**RECORDS SHOWN:**
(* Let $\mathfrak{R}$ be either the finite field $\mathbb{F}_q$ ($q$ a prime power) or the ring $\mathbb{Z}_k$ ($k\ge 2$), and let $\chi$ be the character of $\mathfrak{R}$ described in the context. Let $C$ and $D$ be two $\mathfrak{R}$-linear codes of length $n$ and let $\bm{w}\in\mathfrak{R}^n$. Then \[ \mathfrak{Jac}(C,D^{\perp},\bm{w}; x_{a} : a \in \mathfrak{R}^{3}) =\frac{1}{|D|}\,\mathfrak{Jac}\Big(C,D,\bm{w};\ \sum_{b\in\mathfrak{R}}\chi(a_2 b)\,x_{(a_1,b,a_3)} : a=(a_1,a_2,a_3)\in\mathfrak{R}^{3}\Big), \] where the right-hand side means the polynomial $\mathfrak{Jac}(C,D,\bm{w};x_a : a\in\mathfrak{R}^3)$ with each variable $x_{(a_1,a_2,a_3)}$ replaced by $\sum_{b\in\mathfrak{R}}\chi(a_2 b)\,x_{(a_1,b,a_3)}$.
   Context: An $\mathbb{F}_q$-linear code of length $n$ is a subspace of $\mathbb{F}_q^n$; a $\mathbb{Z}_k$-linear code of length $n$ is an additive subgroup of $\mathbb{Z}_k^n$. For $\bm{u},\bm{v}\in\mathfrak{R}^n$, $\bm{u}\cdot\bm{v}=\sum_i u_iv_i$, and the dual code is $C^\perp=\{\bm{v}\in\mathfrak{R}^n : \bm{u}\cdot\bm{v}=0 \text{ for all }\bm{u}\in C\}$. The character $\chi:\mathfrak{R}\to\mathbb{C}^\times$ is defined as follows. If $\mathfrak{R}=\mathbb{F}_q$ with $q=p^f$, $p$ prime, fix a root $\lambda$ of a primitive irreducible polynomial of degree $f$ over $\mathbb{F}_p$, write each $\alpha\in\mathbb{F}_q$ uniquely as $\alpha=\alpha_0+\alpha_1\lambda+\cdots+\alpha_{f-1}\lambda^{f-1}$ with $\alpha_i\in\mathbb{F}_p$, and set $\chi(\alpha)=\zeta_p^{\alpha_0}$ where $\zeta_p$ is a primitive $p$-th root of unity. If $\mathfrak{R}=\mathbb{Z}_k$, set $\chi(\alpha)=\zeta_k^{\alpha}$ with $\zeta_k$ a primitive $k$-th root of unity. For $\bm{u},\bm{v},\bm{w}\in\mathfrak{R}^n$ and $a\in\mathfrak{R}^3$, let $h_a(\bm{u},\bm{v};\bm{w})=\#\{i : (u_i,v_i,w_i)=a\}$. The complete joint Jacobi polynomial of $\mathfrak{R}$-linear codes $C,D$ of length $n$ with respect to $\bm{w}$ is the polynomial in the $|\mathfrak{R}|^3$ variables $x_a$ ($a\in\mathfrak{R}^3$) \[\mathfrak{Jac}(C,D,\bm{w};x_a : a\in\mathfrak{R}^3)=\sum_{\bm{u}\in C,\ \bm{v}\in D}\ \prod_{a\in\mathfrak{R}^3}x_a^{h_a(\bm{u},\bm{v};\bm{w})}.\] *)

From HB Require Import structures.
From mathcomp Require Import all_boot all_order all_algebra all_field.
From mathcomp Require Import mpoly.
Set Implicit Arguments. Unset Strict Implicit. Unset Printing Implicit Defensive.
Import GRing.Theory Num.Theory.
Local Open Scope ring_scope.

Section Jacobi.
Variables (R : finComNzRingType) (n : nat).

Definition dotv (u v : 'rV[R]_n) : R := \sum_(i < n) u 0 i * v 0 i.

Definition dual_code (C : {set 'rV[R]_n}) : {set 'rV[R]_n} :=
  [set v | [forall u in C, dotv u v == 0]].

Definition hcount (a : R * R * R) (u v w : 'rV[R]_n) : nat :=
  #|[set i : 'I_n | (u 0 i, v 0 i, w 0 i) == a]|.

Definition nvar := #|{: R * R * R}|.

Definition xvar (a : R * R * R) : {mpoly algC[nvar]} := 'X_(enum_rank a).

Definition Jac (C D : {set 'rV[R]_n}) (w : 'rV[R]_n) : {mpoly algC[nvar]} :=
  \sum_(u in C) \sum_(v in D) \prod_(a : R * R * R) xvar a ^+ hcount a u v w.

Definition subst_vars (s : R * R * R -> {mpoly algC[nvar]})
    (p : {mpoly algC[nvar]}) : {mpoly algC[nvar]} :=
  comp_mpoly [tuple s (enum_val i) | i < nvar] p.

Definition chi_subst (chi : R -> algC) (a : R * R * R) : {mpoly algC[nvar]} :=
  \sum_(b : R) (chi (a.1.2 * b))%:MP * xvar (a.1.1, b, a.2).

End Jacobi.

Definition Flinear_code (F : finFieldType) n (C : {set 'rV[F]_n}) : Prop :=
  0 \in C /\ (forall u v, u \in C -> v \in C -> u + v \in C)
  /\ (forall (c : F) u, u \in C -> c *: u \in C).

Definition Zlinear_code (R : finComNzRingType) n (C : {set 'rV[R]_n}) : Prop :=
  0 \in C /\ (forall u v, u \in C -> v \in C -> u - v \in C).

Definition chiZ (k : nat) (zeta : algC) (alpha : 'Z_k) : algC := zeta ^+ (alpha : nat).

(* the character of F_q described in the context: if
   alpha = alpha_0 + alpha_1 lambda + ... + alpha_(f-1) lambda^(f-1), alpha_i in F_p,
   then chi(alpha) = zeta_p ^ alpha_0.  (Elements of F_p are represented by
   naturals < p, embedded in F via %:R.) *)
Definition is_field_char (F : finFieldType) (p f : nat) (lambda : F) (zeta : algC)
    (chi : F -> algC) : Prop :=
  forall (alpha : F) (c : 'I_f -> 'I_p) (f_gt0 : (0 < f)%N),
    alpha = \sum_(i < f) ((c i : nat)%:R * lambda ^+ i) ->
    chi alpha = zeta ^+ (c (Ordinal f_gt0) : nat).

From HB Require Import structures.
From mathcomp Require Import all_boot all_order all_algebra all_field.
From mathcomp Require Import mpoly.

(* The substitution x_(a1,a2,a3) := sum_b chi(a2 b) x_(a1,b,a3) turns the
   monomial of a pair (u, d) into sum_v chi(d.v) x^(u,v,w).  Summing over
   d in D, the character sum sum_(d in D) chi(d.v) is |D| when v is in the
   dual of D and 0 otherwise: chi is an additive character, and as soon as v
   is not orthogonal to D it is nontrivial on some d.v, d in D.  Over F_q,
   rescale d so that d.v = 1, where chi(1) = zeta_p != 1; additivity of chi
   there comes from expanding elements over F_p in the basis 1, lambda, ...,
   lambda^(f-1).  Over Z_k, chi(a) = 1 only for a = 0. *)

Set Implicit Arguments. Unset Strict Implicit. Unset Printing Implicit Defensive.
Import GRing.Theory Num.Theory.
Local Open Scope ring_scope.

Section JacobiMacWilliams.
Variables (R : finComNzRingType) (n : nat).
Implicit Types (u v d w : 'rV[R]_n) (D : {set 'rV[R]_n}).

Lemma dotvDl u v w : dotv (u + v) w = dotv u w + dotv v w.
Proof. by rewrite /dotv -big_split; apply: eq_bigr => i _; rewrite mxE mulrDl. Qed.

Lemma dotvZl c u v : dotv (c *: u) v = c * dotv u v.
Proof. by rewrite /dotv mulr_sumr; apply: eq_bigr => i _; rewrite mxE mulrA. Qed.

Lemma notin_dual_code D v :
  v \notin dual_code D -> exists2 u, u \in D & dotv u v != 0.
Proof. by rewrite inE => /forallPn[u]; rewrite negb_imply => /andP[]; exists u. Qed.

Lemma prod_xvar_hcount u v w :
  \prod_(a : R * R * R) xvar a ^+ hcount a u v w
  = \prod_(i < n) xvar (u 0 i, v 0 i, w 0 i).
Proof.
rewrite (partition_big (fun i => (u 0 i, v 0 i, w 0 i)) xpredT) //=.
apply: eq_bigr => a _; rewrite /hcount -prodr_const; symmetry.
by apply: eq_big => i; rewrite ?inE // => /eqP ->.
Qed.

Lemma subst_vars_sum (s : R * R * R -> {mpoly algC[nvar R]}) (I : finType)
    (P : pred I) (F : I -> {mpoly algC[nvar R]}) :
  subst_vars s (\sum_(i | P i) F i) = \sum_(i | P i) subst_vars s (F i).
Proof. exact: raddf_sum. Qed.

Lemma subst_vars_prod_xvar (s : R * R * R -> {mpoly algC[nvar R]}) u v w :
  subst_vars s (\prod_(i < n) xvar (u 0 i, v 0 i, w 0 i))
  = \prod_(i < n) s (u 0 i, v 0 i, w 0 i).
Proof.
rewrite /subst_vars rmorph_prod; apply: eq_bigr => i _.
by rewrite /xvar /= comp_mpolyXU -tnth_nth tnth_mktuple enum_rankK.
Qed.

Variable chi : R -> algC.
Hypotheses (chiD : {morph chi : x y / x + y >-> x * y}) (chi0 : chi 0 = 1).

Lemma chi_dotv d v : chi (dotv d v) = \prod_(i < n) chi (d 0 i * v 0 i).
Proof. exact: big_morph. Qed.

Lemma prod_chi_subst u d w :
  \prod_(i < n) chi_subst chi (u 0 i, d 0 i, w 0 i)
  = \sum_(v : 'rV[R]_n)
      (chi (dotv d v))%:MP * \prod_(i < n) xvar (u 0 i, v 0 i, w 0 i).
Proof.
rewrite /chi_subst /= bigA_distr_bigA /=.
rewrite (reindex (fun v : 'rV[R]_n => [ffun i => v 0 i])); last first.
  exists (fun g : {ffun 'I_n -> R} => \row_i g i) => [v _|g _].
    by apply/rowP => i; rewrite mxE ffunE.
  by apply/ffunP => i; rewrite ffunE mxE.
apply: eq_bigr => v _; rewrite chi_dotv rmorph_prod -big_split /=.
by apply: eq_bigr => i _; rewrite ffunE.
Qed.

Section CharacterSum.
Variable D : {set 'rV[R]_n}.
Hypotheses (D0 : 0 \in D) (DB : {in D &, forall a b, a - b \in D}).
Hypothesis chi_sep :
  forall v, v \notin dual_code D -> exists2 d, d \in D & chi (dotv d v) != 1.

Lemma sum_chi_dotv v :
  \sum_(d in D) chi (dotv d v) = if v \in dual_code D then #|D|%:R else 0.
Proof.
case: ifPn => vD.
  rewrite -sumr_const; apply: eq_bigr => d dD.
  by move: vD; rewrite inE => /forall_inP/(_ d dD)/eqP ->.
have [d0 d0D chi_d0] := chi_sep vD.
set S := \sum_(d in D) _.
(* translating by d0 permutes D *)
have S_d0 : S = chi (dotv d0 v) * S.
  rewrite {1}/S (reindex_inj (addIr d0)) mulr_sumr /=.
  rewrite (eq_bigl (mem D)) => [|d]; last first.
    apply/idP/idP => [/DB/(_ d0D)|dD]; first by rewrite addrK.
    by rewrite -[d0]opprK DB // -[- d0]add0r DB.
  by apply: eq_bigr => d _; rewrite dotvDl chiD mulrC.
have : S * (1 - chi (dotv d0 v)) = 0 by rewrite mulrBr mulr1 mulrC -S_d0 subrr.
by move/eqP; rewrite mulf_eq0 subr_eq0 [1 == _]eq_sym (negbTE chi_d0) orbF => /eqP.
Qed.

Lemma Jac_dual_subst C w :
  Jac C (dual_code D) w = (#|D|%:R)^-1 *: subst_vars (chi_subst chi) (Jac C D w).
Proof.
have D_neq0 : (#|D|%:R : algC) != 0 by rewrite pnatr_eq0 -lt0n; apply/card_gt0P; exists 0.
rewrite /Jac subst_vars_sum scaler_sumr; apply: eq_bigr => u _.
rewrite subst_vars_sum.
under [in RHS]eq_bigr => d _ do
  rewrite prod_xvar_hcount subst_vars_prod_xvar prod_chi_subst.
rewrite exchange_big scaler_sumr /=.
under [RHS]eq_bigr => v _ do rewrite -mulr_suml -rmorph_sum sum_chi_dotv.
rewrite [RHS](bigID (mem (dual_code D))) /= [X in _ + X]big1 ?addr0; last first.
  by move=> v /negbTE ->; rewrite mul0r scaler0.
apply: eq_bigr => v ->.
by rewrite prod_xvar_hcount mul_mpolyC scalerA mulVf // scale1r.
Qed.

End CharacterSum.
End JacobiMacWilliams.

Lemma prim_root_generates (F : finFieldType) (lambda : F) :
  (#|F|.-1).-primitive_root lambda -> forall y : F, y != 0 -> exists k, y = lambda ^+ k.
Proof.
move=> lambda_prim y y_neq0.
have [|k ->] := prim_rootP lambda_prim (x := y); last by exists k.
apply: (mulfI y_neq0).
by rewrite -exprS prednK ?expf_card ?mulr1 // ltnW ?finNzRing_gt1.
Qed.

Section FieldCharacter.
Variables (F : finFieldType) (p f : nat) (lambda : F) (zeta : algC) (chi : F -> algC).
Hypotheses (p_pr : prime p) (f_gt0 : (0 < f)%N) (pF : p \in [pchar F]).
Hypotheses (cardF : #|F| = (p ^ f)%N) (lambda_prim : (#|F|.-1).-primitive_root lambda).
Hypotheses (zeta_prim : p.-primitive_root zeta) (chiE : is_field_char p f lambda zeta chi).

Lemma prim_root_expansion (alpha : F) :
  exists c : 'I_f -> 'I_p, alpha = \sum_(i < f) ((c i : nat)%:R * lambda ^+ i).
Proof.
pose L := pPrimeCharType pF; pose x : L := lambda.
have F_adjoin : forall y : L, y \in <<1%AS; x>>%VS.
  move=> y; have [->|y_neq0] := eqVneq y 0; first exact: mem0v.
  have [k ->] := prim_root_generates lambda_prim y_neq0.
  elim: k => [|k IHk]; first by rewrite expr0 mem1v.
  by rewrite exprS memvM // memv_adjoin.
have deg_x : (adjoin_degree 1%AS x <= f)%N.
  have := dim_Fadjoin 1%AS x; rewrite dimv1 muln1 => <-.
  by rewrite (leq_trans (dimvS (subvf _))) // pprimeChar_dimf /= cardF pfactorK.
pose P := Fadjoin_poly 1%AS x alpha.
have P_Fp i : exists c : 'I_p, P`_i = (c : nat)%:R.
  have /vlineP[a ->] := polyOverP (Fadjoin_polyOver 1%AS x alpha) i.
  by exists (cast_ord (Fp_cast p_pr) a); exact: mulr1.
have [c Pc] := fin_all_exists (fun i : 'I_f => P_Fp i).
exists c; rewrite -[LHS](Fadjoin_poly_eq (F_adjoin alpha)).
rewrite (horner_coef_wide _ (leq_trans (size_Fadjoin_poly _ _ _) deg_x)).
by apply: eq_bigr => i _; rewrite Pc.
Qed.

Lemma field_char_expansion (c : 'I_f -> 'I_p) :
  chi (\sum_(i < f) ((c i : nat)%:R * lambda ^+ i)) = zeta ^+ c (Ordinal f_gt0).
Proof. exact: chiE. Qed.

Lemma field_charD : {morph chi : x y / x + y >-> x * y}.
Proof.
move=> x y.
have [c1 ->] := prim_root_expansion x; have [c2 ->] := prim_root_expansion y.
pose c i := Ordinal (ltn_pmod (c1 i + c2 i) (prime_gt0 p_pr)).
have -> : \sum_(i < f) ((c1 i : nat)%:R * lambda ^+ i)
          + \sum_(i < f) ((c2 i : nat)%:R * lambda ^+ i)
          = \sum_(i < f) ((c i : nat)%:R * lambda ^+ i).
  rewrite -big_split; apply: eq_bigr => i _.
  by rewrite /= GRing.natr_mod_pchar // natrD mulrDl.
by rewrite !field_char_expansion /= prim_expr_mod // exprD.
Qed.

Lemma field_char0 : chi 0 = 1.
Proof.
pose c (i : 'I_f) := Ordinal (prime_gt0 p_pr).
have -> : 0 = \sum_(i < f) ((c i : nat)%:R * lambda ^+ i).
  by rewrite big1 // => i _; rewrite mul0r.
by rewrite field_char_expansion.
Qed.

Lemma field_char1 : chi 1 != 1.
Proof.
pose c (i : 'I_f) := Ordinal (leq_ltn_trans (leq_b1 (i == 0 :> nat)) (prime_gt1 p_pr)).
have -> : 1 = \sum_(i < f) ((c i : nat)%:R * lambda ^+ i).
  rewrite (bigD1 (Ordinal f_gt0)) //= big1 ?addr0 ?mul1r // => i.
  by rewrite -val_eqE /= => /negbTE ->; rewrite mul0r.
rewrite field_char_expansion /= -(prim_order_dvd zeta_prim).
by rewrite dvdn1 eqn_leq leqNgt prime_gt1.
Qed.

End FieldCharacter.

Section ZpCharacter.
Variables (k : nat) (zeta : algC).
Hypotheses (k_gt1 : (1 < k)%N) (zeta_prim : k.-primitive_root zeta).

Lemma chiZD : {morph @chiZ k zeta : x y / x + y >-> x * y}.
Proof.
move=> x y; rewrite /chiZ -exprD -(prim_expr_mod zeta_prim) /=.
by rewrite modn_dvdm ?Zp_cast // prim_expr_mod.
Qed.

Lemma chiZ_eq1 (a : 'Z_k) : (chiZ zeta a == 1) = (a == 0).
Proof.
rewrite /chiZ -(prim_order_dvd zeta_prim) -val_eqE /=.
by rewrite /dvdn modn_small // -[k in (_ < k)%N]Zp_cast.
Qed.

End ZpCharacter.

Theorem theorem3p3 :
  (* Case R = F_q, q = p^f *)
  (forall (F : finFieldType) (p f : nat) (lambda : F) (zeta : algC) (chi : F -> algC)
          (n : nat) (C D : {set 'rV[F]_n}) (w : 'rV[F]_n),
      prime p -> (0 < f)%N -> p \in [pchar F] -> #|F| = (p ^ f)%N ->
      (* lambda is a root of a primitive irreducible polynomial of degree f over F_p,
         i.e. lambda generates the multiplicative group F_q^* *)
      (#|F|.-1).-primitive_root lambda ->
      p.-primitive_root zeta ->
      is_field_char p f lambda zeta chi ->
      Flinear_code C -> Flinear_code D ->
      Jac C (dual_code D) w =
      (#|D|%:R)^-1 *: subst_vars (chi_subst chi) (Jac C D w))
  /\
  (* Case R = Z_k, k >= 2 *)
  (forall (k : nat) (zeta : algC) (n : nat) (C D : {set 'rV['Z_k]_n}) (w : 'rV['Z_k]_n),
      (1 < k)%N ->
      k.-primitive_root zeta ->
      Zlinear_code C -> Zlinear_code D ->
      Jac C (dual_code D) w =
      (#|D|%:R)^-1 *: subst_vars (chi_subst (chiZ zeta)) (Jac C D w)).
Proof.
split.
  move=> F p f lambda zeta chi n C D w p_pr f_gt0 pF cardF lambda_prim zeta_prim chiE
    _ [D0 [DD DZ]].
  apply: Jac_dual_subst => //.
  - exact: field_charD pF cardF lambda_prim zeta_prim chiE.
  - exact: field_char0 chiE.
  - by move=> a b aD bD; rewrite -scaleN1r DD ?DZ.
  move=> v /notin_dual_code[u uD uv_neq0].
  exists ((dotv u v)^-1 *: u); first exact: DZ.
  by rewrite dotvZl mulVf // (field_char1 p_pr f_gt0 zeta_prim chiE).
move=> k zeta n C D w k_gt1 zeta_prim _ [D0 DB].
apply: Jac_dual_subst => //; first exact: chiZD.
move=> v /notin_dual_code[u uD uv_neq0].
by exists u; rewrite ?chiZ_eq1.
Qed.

**TASK DESCRIPTION:** In the records above, how many lines include "Hypotheses"? Give that number and nothing more.

**WORKED SOLUTION:** 6